[Stored data entries]

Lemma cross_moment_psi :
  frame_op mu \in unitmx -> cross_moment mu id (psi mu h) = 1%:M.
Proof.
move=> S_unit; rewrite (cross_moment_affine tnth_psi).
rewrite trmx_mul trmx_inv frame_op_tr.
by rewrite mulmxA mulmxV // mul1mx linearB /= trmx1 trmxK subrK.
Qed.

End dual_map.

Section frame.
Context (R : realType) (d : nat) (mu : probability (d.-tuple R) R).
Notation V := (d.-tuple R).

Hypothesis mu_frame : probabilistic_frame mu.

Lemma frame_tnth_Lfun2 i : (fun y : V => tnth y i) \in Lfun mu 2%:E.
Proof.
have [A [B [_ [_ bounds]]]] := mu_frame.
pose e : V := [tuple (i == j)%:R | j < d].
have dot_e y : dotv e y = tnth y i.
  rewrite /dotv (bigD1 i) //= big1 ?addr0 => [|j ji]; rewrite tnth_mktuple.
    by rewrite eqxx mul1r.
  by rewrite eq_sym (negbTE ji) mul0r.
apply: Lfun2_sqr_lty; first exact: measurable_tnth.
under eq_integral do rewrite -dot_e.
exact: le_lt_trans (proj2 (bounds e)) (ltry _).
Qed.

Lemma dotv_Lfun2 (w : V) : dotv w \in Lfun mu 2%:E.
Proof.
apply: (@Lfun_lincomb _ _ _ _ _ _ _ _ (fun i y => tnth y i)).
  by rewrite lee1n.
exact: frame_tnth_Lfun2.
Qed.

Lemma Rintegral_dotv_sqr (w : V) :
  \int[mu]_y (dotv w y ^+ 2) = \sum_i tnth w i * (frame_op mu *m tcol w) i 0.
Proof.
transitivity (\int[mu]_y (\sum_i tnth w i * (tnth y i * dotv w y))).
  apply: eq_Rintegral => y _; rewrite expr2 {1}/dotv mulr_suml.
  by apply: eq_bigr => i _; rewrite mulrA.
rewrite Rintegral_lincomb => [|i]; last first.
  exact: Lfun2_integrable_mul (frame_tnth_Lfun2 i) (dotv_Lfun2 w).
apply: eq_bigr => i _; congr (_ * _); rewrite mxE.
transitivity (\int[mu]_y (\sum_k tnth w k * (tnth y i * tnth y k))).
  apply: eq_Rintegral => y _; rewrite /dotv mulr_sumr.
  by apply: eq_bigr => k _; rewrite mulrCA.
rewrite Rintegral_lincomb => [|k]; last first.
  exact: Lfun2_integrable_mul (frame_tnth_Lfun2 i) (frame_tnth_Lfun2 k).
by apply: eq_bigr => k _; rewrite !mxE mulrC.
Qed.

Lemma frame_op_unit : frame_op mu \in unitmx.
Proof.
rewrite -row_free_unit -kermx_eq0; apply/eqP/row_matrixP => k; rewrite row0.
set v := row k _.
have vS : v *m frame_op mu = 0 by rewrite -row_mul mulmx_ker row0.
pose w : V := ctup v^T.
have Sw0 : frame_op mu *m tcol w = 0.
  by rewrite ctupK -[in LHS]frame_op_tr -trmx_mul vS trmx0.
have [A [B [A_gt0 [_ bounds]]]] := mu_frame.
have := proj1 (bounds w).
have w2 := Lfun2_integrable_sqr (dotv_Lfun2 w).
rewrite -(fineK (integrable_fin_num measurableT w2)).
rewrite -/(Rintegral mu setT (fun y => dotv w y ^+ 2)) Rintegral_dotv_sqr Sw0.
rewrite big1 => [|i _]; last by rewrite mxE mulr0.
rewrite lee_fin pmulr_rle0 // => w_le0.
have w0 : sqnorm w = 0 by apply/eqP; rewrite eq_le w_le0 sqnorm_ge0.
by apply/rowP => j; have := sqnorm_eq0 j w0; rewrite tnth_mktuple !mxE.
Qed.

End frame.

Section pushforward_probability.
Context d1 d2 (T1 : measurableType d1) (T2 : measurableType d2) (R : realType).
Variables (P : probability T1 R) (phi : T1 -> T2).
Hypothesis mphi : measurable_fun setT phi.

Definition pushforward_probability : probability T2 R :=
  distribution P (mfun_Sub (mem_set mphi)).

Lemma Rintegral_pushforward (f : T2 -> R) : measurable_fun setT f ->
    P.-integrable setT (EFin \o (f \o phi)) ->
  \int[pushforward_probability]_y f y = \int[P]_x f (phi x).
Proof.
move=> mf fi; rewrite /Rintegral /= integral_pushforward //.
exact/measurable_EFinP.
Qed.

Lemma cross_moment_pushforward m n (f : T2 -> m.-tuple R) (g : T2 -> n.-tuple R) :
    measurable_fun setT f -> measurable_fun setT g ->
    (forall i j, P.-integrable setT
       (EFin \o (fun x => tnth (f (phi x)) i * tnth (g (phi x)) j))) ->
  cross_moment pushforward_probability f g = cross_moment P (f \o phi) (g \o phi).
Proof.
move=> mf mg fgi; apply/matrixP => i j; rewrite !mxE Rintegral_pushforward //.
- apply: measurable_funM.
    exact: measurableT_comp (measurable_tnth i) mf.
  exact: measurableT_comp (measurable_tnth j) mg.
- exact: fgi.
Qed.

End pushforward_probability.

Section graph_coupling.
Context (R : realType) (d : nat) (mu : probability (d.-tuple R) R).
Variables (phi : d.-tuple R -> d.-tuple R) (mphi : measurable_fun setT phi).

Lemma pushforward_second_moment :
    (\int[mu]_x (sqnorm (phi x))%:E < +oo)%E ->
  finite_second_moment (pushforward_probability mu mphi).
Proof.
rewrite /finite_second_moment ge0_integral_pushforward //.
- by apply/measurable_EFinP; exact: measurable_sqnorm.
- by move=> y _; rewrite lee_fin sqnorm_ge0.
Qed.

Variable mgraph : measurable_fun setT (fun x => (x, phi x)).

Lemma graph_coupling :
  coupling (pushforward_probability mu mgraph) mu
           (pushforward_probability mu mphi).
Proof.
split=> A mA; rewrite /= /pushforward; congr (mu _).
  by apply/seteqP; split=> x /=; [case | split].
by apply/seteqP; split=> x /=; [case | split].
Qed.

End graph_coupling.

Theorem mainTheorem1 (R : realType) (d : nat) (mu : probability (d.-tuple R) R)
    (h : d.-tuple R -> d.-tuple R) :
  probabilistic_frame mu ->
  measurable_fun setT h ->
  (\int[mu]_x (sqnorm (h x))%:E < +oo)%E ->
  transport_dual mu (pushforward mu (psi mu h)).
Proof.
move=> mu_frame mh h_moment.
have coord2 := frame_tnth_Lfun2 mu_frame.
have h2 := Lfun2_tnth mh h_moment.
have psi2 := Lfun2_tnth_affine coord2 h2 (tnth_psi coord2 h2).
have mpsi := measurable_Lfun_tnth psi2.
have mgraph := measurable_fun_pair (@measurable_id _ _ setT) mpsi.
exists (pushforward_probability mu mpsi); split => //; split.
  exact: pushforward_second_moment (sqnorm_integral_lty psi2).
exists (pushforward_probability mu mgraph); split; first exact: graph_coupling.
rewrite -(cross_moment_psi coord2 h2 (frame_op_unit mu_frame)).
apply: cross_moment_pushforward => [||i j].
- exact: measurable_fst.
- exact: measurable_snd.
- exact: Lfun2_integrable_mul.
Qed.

_What you need to do_
Please, from the entries above, set down exactly the lines from the one containing "split=> A mA;" through the one containing "- exact: measurable_snd.", and only those.

_Answer section_
split=> A mA; rewrite /= /pushforward; congr (mu _).
  by apply/seteqP; split=> x /=; [case | split].
by apply/seteqP; split=> x /=; [case | split].
Qed.

End graph_coupling.

Theorem mainTheorem1 (R : realType) (d : nat) (mu : probability (d.-tuple R) R)
    (h : d.-tuple R -> d.-tuple R) :
  probabilistic_frame mu ->
  measurable_fun setT h ->
  (\int[mu]_x (sqnorm (h x))%:E < +oo)%E ->
  transport_dual mu (pushforward mu (psi mu h)).
Proof.
move=> mu_frame mh h_moment.
have coord2 := frame_tnth_Lfun2 mu_frame.
have h2 := Lfun2_tnth mh h_moment.
have psi2 := Lfun2_tnth_affine coord2 h2 (tnth_psi coord2 h2).
have mpsi := measurable_Lfun_tnth psi2.
have mgraph := measurable_fun_pair (@measurable_id _ _ setT) mpsi.
exists (pushforward_probability mu mpsi); split => //; split.
  exact: pushforward_second_moment (sqnorm_integral_lty psi2).
exists (pushforward_probability mu mgraph); split; first exact: graph_coupling.
rewrite -(cross_moment_psi coord2 h2 (frame_op_unit mu_frame)).
apply: cross_moment_pushforward => [||i j].
- exact: measurable_fst.
- exact: measurable_snd.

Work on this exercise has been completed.